Amnesty's Israel obsession is bigotry pure and simple. Here's a roadmap to Amnesty’s travesty, in eight easy steps

Earlier this month, the once-reputable, London-based human rights organization Amnesty International released a report that made international headlines accusing Israel of crimes against humanity, for supposedly maintaining a system of apartheid against the Palestinians.

The report was absurd, a combination of misleading information and outright lies, and the product of rabid anti-Semites. The bottom line was that in a modern Middle East full of dictators and terror regimes, the region’s lone democracy was once again singled out for condemnation.

Some might argue that it would be better not to dignify such bigotry with a response, but in a world of rising anti-Semitism that is demonstrably tied to anti-Zionism, knowing how to respond is important. So here’s a roadmap to Amnesty’s travesty, in eight easy steps:

 

1. Apartheid involves race

There are two generally accepted definitions of apartheid under international law. Per the United Nations’ 1973 International Convention on the Suppression and Punishment of the Crime of Apartheid, apartheid includes “inhumane acts committed for the purpose of establishing and maintaining domination by one racial group of persons over any other racial group of persons and systematically oppressing them.”

In 1998, the Rome Statute, which defines crimes under the jurisdiction of the International Criminal Court, codified something similar: Apartheid consists of “inhumane acts… committed in the context of an institutionalized regime of systematic oppression and domination by one racial group over any other racial group or groups and committed with the intention of maintaining that regime.”

Amnesty’s report adds a third international treaty to the conversation, the 1965 International Convention on the Elimination of All Forms of Racial Discrimination (ICERD), which does not define apartheid but simply condemns “racial segregation and apartheid.”

It is no surprise that all the definitions focus heavily on race. Apartheid originated in South Africa, where it entrenched the white minority’s widespread and systematic policies of discrimination against the black majority on that basis. In essence, then, apartheid requires a government policy that seeks to impose a racist regime, similar to the horrible system of segregation, oppression, and domination that was perpetrated in South Africa. Which brings us to the foremost problem of Amnesty’s analysis:

 

2. Amnesty invents legal language

Amnesty, like other human rights groups that have leveled the apartheid accusation, was faced with an immediate problem: The conflict in Israel is not, and never has been, about race. Amnesty attempts to avoid that little issue by spending several tortured pages arguing that “race” has no meaning, before introducing a brand-new definition of apartheid that includes some other elements. The reason Amnesty included the ICERD in their discussion is because that treaty expanded the definition of “racial discrimination” to include discrimination against national groups. Based on that, Amnesty makes the claim that in distinguishing between some Palestinians and Israelis, Israel commits apartheid.

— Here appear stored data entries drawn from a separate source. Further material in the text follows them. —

(* Let $n\ge 2$ and let $X$ be a $\mathcal D$-subspace of $\mathbb P=PG(\mathbb E,\mathbb{F}_q)=PG(n^2-1,q)$. Then there exist two Desarguesian $(n-1)$-spreads $\mathcal D_1(X)$ and $\mathcal D_2(X)$ of $\mathbb P$ such that: (D1) $X\in\mathcal D_i(X)$ and $\mathcal R_i\subset\mathcal D_i(X)$ for $i=1,2$; (D2) for $i=1,2$ there is a linear collineation $\Xi_i$ of $\mathbb P$ fixing $\mathcal D_i(X)$ which induces a semilinear collineation $\tilde\Xi_i$ of order $n$ of $\Pi_{n-1}(\mathcal D_i(X))\cong PG(n-1,q^n)$ whose set of fixed points is exactly $\mathcal R_i$, and $\mathcal R_i$ is a subgeometry of $\Pi_{n-1}(\mathcal D_i(X))$ isomorphic to $PG(n-1,q)$. Moreover there exists an involutory collineation $\Phi$ of $\mathbb P$ such that (D3) $\Phi$ fixes $X$ pointwise, and (D4) $\mathcal D_1(X)^\Phi=\mathcal D_2(X)$.
   Context: $\mathbb E=\mathrm{End}(\mathbb{F}_{q^n},\mathbb{F}_q)$; $\langle\varphi\rangle_q$ is the point of $\mathbb P$ defined by $\varphi\ne0$; $t_\lambda:x\mapsto\lambda x$. The Segre variety $\mathcal S_{n,n}$ is the set of points $\langle\varphi\rangle_q$ with $\varphi$ of rank 1; its maximal subspaces are $(n-1)$-dimensional and form two systems $\mathcal R_1,\mathcal R_2$, where $\mathcal R_1=\{\{\langle t_\alpha\circ\mathrm{Tr}\circ t_\lambda\rangle_q:\alpha\in\mathbb{F}_{q^n}^*\}:\lambda\in\mathbb{F}_{q^n}^*\}$ and $\mathcal R_2=\{\{\langle t_\lambda\circ\mathrm{Tr}\circ t_\alpha\rangle_q:\alpha\in\mathbb{F}_{q^n}^*\}:\lambda\in\mathbb{F}_{q^n}^*\}$, $\mathrm{Tr}$ the trace $\mathbb{F}_{q^n}\to\mathbb{F}_q$. $H(\mathcal S_{n,n})$ is the subgroup of $PGL(n^2,q)$ fixing each of $\mathcal R_1$ and $\mathcal R_2$. Let $\mathcal I=\{\langle t_\lambda\rangle_q:\lambda\in\mathbb{F}_{q^n}^*\}$, an $(n-1)$-dimensional subspace of $\mathbb P$; a $\mathcal D$-subspace of $\mathbb P$ is any subspace in the orbit of $\mathcal I$ under $H(\mathcal S_{n,n})$. An $(n-1)$-spread of $\mathbb P$ is a partition of its points into $(n-1)$-dimensional subspaces; it is Desarguesian if it arises as the set of subspaces $\{\langle\mathbf v\rangle_{q^n}\}$ viewed over $\mathbb F_q$ when the underlying $\mathbb F_q$-space is endowed with an $\mathbb F_{q^n}$-vector space structure. For a Desarguesian $(n-1)$-spread $\mathcal D$ of $\mathbb P$, $\Pi_{n-1}(\mathcal D)$ is the projective space $\cong PG(n-1,q^n)$ whose points are the elements of $\mathcal D$ and whose subspaces are the sets of spread elements contained in subspaces of $\mathbb P$ spanned by spread elements. A subgeometry isomorphic to $PG(n-1,q)$ of $PG(n-1,q^n)$ is the point set defined by an $\mathbb F_q$-subspace of dimension $n$ spanning the underlying $\mathbb F_{q^n}$-space. *)

From HB Require Import structures.
From mathcomp Require Import all_boot all_order all_algebra all_fingroup all_field.
Set Implicit Arguments. Unset Strict Implicit. Unset Printing Implicit Defensive.
Import GRing.Theory.
Local Open Scope ring_scope.

Section SegreDefs.
Variables (F : finFieldType) (L : fieldExtType F).

(* E = End(F_{q^n}, F_q) is the F-vector space 'End(L); points of P are
   1-dimensional F-subspaces, projective subspaces are F-subspaces. *)

Definition trL (x : L) : L := \sum_(i < \dim {:L}) x ^+ (#|F| ^ i).

Definition tmul (l : L) : 'End(L) := linfun (fun x : L => l * x).

Definition r1map (a l : L) : 'End(L) := linfun (fun x : L => a * trL (l * x)).
Definition r2map (a l : L) : 'End(L) := linfun (fun x : L => l * trL (a * x)).

Definition isR1 (S : {vspace 'End(L)}) : Prop :=
  exists l : L, l != 0 /\ forall phi, phi \in S <-> exists a : L, phi = r1map a l.
Definition isR2 (S : {vspace 'End(L)}) : Prop :=
  exists l : L, l != 0 /\ forall phi, phi \in S <-> exists a : L, phi = r2map a l.

Definition fixes_system (g : 'End('End(L))) (R : {vspace 'End(L)} -> Prop) :=
  forall S, R S <-> R (g @: S)%VS.

(* X is a D-subspace: X = I^g with g in H(S_{n,n}) *)
Definition Dsubspace (X : {vspace 'End(L)}) : Prop :=
  exists g : 'End('End(L)),
    lker g = 0%VS /\ fixes_system g isR1 /\ fixes_system g isR2 /\
    forall phi, phi \in X <-> exists l : L, phi = g (tmul l).

Definition isSpread (D : {vspace 'End(L)} -> Prop) : Prop :=
  (forall S, D S -> \dim S = \dim {:L}) /\
  (forall v : 'End(L), v != 0 ->
     exists S, [/\ D S, v \in S & forall S', D S' -> v \in S' -> S' = S]).

Definition LStruct (mu : L -> 'End(L) -> 'End(L)) : Prop :=
  [/\ (forall a u v, mu a (u + v) = mu a u + mu a v),
      (forall a (c : F) v, mu a (c *: v) = c *: mu a v),
      (forall a b v, mu (a + b) v = mu a v + mu b v),
      (forall a b v, mu (a * b) v = mu a (mu b v)) &
      (forall (c : F) v, mu (c%:A) v = c *: v)].

Definition Lspan (mu : L -> 'End(L) -> 'End(L)) (v : 'End(L))
    (S : {vspace 'End(L)}) : Prop :=
  forall w, w \in S <-> exists a : L, w = mu a v.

Unfortunately, but not surprisingly, Amnesty does not quote the very next paragraph in the treaty, which (inconveniently for them) says: “This Convention shall not apply to distinctions, exclusions, restrictions or preferences made… between citizens and non-citizens.” The omission of that one line discredits the entire Amnesty report. Here’s how:

Amnesty defines “Palestinians” to include Arabs who are Israeli citizens; Arabs residing in the Gaza Strip and the disputed territories; and Arabs who were displaced as a result of the conflicts in 1948 and 1967. If Israel were perpetrating apartheid against “Palestinians” as a group, one would expect its “racist” policies to apply to all Palestinians. Israel, however, treats all of its citizens, including its Arab citizens, equally under the law. The differential treatment of these groups is not based on their race; they all share the exact same exact ethnic and racial identity. It is, however, based on their legal status as either citizens, residents of territories under military administration, or non-citizen foreigners. All countries in the world discriminate between their own citizens and non-citizens; if doing so constitutes apartheid, then all states are guilty of apartheid. But they aren’t, of course, and neither is Israel. The entire basis of the report is demonstrably, utterly wrong.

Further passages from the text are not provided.